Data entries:
:::::

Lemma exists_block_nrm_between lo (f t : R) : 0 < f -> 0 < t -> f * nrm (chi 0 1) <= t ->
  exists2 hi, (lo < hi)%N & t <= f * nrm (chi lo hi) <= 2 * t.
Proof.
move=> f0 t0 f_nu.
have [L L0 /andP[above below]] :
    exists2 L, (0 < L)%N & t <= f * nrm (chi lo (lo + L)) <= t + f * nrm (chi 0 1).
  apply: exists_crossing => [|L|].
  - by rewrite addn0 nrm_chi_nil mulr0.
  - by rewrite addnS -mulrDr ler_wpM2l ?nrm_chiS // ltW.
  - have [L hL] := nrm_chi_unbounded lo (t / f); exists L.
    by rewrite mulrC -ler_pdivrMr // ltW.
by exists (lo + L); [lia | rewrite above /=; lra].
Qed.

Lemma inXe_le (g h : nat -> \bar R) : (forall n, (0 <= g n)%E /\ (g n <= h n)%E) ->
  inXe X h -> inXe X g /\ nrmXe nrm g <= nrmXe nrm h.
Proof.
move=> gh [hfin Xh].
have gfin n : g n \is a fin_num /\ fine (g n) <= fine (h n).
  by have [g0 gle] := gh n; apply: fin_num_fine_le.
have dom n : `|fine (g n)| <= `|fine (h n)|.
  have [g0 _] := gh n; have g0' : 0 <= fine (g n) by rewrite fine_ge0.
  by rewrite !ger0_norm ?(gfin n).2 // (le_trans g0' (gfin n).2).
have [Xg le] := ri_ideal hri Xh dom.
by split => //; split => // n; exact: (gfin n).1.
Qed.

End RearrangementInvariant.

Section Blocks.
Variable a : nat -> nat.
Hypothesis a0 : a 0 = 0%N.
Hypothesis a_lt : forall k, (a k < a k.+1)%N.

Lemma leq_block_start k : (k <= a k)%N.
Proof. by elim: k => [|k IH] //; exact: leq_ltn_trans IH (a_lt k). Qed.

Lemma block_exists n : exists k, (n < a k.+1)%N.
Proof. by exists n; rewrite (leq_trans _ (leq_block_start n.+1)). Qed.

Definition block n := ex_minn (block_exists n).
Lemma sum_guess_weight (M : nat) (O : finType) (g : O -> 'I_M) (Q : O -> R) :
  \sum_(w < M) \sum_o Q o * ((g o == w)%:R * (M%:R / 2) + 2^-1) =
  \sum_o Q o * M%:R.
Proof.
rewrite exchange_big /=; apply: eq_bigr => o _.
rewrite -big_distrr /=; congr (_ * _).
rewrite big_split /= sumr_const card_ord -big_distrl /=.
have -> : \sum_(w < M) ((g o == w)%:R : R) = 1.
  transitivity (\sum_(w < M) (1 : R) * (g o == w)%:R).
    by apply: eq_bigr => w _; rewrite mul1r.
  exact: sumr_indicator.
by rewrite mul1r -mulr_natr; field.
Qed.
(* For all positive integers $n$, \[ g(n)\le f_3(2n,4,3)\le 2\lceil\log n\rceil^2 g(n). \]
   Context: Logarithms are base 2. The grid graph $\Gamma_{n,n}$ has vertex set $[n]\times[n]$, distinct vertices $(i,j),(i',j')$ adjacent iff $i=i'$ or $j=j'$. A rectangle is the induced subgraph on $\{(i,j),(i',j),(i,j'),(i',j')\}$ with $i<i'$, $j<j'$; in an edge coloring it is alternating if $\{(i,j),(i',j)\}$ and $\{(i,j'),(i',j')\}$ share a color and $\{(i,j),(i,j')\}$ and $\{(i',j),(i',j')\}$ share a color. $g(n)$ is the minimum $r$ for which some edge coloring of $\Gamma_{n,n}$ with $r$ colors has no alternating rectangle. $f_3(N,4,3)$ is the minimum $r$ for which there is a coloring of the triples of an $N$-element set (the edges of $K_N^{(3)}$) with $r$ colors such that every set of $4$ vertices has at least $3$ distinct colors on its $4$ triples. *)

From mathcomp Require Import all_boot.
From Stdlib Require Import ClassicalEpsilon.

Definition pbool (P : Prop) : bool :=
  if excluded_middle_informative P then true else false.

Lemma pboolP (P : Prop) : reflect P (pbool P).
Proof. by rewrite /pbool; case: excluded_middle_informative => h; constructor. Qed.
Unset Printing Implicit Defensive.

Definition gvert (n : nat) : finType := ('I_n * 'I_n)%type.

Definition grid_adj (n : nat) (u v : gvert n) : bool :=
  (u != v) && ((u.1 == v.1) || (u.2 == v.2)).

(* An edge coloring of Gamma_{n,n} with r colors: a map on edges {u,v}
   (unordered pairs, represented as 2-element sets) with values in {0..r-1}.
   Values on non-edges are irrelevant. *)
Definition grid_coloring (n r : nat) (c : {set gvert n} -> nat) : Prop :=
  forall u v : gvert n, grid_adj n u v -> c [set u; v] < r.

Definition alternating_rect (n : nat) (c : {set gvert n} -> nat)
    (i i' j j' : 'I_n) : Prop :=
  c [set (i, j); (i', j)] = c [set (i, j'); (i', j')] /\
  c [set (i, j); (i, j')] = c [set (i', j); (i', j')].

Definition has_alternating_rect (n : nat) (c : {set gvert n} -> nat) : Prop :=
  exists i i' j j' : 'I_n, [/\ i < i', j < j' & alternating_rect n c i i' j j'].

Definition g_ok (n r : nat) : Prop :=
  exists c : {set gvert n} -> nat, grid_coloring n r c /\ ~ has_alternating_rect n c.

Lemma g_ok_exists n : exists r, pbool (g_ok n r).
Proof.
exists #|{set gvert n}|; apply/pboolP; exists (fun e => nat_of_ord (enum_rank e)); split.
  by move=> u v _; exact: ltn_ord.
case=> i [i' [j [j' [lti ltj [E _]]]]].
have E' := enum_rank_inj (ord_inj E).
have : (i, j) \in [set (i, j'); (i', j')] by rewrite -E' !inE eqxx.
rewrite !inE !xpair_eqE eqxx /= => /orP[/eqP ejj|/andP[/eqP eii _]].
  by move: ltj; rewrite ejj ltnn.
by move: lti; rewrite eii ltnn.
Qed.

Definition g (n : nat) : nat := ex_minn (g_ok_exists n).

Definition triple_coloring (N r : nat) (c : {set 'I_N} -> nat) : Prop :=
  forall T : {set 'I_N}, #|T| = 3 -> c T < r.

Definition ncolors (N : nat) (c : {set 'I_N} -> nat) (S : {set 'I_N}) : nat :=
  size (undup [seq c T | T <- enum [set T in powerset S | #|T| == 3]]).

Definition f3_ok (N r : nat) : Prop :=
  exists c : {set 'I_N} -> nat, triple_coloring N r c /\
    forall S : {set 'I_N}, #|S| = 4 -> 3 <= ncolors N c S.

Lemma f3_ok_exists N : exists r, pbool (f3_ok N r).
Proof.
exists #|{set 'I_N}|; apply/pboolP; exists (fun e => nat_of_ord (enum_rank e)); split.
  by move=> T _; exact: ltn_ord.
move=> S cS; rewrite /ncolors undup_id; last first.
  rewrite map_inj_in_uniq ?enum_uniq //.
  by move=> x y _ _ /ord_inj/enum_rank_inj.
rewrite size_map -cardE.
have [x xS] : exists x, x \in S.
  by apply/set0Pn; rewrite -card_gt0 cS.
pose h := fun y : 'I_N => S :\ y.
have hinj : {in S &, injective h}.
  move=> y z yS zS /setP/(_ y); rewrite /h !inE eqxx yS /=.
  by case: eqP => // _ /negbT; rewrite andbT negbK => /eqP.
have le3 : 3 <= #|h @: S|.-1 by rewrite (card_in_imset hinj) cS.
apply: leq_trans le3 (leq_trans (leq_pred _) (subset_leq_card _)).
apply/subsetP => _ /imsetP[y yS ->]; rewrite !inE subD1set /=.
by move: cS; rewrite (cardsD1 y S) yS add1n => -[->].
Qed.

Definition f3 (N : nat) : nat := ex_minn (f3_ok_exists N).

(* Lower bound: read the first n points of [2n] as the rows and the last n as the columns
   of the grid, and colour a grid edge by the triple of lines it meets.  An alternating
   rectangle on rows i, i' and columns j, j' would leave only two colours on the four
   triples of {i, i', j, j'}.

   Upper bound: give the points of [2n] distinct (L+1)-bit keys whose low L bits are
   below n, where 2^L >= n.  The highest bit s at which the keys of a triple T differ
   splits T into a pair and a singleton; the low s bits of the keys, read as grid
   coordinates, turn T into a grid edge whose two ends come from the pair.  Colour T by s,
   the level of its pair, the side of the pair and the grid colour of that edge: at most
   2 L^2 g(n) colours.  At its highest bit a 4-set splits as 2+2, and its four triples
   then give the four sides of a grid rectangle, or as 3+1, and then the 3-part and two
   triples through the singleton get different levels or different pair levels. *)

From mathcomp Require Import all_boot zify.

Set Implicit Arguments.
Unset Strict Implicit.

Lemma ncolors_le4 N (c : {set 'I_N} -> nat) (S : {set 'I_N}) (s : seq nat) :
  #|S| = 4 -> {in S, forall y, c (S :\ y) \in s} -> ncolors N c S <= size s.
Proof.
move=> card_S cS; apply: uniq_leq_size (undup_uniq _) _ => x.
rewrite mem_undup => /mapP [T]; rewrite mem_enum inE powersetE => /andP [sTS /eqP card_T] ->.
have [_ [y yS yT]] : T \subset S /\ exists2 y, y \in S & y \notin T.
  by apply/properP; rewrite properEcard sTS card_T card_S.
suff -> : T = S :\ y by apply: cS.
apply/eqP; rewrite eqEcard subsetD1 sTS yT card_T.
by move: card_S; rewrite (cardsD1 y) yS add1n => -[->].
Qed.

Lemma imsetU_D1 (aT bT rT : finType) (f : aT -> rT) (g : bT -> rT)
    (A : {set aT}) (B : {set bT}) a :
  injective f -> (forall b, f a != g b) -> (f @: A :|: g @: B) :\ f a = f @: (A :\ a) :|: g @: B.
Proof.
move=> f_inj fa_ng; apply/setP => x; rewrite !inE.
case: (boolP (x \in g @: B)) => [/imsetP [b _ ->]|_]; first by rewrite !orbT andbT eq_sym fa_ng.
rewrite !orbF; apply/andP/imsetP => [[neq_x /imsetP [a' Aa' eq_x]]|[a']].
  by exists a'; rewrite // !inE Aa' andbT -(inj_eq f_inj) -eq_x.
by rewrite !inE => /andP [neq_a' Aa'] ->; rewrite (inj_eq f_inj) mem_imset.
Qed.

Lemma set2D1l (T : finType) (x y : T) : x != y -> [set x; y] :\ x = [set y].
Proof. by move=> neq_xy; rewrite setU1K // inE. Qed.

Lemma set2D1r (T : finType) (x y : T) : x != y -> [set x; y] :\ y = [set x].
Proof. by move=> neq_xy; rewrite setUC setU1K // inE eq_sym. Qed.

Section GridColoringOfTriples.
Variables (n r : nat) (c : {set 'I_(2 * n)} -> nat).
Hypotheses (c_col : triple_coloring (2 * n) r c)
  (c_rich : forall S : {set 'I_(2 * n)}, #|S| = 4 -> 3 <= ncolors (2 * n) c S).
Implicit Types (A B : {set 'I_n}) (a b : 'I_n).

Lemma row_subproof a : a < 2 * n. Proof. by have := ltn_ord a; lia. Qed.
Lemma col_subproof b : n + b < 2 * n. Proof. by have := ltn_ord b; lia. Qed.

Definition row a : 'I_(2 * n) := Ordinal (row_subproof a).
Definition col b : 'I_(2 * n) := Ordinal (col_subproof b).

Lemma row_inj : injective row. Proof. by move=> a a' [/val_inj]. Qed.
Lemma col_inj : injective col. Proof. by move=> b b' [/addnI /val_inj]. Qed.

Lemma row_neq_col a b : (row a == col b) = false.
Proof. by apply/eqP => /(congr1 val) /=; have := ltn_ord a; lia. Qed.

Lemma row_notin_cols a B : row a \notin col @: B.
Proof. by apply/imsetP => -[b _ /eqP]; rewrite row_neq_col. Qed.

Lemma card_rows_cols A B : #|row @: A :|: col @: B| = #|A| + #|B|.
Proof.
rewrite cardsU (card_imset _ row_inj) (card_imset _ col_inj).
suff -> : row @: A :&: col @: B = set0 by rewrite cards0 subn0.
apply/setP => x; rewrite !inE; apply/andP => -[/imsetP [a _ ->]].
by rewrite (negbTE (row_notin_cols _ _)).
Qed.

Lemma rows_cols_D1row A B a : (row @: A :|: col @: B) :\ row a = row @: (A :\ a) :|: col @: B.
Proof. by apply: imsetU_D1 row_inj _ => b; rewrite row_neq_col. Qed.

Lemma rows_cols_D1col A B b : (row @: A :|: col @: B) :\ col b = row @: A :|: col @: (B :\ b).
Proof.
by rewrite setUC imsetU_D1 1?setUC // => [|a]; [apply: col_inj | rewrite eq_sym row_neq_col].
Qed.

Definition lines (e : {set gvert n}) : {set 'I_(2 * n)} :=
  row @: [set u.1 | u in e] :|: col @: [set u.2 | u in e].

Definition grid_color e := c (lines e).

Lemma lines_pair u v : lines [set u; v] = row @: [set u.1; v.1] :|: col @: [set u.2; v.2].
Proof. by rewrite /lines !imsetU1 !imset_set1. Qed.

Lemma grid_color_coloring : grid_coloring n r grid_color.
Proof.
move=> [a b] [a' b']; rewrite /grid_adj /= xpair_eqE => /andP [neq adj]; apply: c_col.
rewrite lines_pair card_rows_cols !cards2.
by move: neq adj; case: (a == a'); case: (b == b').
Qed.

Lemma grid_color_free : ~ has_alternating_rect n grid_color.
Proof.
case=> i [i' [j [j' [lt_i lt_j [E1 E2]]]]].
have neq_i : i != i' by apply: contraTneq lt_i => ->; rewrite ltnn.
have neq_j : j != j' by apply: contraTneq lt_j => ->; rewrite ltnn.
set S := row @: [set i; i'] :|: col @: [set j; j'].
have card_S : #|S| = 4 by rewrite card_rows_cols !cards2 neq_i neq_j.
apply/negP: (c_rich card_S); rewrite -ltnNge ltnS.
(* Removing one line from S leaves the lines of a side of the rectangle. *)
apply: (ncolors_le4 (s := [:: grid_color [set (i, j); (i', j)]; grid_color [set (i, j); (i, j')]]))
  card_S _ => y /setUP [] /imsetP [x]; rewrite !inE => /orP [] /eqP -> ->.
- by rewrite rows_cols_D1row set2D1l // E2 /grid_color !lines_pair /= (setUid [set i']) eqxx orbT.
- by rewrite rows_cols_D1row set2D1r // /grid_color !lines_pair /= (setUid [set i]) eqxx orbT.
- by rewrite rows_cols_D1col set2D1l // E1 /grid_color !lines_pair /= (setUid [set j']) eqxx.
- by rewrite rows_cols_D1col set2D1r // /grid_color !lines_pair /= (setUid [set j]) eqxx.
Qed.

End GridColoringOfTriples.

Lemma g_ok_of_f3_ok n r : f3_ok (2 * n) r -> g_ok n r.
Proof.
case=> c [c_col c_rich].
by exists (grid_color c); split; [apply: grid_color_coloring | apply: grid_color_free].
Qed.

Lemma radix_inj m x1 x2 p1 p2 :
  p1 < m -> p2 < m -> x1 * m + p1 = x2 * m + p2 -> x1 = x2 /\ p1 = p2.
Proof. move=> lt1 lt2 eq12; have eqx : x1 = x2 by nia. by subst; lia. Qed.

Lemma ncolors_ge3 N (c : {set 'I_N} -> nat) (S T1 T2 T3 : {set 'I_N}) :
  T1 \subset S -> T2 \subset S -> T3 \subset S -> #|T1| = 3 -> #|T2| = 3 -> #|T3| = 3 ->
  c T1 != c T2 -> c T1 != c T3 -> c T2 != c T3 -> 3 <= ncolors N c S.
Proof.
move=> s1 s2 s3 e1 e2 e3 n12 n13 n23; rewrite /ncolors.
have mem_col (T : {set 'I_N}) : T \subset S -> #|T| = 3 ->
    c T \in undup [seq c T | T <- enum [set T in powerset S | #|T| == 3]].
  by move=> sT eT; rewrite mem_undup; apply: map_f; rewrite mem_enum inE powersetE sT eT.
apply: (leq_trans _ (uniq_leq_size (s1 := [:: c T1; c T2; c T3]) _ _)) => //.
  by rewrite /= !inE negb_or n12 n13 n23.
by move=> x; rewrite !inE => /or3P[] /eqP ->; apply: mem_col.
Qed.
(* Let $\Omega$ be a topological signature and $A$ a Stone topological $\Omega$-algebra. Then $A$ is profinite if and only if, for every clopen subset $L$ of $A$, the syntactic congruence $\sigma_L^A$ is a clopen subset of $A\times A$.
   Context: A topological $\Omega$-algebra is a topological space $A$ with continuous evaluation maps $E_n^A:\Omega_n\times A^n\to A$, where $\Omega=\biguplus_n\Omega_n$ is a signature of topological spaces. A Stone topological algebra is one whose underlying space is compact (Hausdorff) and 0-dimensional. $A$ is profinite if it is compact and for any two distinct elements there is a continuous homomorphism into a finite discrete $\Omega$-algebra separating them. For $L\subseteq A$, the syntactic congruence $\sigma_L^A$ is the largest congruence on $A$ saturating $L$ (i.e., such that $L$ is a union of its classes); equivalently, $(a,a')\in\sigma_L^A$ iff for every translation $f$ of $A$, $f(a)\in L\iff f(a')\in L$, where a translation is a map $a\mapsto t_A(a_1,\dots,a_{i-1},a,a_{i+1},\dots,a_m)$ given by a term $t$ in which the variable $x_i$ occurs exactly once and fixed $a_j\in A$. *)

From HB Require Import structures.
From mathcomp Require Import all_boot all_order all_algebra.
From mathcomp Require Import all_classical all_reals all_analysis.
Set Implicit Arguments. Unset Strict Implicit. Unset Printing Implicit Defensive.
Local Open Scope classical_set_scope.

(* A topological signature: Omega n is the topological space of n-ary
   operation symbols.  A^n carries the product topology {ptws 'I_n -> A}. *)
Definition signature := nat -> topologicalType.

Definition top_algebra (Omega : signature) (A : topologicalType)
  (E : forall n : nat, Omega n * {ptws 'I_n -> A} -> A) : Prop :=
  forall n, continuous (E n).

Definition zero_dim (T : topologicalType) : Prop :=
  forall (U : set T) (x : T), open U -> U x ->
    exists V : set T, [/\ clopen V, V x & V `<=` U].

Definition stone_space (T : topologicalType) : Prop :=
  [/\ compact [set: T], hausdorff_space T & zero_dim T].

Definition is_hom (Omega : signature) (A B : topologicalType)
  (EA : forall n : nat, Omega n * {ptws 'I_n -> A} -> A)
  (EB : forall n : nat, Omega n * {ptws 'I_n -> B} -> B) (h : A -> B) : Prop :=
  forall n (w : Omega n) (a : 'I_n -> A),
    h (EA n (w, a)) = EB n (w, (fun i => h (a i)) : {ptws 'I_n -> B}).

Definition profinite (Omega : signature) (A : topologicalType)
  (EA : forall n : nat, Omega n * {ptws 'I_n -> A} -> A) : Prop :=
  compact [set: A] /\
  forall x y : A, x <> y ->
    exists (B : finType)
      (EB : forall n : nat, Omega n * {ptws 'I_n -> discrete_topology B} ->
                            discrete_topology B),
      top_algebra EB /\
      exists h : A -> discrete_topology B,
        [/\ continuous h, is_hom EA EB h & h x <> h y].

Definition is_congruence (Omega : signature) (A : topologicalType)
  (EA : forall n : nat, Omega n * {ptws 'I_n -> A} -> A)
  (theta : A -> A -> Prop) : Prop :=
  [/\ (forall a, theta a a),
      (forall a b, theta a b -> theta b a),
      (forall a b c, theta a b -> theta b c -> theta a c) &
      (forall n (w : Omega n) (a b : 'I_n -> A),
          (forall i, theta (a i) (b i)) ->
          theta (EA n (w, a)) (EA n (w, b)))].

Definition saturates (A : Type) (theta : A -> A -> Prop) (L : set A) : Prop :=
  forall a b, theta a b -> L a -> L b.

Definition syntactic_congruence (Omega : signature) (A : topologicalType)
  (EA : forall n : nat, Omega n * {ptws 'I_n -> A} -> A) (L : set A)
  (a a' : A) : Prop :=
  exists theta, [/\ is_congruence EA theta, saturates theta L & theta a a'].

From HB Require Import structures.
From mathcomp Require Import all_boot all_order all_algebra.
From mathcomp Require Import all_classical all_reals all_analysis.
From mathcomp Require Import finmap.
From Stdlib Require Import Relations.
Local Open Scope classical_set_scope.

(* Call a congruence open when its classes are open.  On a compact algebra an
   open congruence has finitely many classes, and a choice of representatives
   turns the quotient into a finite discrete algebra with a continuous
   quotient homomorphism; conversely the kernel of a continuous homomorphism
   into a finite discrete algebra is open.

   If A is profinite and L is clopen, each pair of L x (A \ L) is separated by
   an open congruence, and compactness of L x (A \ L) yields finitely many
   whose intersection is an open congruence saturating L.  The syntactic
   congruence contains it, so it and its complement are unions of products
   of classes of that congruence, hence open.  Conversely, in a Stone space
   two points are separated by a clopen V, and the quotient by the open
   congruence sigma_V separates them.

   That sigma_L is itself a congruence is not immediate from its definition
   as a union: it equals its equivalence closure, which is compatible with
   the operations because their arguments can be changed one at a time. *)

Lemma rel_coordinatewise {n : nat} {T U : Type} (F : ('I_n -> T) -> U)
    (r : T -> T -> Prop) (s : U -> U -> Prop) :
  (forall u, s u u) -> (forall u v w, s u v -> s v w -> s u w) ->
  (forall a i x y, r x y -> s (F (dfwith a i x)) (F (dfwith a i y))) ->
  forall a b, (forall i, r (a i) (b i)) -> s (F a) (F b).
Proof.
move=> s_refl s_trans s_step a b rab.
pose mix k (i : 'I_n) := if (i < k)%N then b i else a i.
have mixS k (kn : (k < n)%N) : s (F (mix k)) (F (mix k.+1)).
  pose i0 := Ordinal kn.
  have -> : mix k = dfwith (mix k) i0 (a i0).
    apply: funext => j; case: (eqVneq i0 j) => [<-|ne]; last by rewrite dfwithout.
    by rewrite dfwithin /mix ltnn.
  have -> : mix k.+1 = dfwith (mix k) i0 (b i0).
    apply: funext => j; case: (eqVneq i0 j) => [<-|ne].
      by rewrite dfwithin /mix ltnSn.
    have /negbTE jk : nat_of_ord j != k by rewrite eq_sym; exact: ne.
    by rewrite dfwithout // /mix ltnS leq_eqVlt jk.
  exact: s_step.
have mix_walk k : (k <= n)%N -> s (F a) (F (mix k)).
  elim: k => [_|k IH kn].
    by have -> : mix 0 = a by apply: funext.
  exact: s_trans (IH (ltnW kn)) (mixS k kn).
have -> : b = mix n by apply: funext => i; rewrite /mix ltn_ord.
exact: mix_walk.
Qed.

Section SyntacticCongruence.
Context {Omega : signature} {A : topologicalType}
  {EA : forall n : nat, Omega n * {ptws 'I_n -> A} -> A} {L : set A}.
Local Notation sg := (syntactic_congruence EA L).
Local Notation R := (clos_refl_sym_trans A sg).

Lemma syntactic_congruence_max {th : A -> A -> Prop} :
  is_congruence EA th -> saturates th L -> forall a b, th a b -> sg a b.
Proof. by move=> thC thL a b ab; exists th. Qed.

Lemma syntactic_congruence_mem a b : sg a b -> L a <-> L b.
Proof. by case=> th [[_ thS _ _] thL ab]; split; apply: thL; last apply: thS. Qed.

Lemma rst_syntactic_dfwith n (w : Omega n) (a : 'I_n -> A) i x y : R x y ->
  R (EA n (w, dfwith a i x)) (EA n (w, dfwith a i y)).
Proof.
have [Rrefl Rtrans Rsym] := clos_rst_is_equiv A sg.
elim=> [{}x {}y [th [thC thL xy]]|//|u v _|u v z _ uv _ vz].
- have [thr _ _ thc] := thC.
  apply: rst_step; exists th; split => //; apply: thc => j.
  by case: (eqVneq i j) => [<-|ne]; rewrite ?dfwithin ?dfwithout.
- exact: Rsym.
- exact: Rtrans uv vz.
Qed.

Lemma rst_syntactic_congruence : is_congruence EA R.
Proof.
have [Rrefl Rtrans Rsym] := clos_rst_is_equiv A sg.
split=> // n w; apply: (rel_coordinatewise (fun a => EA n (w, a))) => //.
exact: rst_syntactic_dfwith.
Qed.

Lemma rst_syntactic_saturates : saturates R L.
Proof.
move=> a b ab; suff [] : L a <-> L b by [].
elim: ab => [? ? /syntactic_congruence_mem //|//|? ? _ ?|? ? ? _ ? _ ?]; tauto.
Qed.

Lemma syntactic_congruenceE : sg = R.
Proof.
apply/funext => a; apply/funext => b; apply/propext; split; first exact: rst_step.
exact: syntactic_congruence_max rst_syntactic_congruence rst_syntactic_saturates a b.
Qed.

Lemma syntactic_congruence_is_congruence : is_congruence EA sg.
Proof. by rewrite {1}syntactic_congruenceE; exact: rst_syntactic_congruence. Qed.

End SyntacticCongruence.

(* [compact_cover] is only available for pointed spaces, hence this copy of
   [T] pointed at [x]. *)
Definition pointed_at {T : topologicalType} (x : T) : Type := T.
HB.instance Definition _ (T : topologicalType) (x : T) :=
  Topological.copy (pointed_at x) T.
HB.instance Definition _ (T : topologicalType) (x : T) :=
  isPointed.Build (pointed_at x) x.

:::::

EXERCISE DETAILS
Each line from the top of the records above through the line containing "Lemma leq_block_start k : (k <= a k)%N." needs to be transcribed exactly, and no line after it.

OUTPUT BELOW
Lemma exists_block_nrm_between lo (f t : R) : 0 < f -> 0 < t -> f * nrm (chi 0 1) <= t ->
  exists2 hi, (lo < hi)%N & t <= f * nrm (chi lo hi) <= 2 * t.
Proof.
move=> f0 t0 f_nu.
have [L L0 /andP[above below]] :
    exists2 L, (0 < L)%N & t <= f * nrm (chi lo (lo + L)) <= t + f * nrm (chi 0 1).
  apply: exists_crossing => [|L|].
  - by rewrite addn0 nrm_chi_nil mulr0.
  - by rewrite addnS -mulrDr ler_wpM2l ?nrm_chiS // ltW.
  - have [L hL] := nrm_chi_unbounded lo (t / f); exists L.
    by rewrite mulrC -ler_pdivrMr // ltW.
by exists (lo + L); [lia | rewrite above /=; lra].
Qed.

Lemma inXe_le (g h : nat -> \bar R) : (forall n, (0 <= g n)%E /\ (g n <= h n)%E) ->
  inXe X h -> inXe X g /\ nrmXe nrm g <= nrmXe nrm h.
Proof.
move=> gh [hfin Xh].
have gfin n : g n \is a fin_num /\ fine (g n) <= fine (h n).
  by have [g0 gle] := gh n; apply: fin_num_fine_le.
have dom n : `|fine (g n)| <= `|fine (h n)|.
  have [g0 _] := gh n; have g0' : 0 <= fine (g n) by rewrite fine_ge0.
  by rewrite !ger0_norm ?(gfin n).2 // (le_trans g0' (gfin n).2).
have [Xg le] := ri_ideal hri Xh dom.
by split => //; split => // n; exact: (gfin n).1.
Qed.

End RearrangementInvariant.

Section Blocks.
Variable a : nat -> nat.
Hypothesis a0 : a 0 = 0%N.
Hypothesis a_lt : forall k, (a k < a k.+1)%N.

Lemma leq_block_start k : (k <= a k)%N.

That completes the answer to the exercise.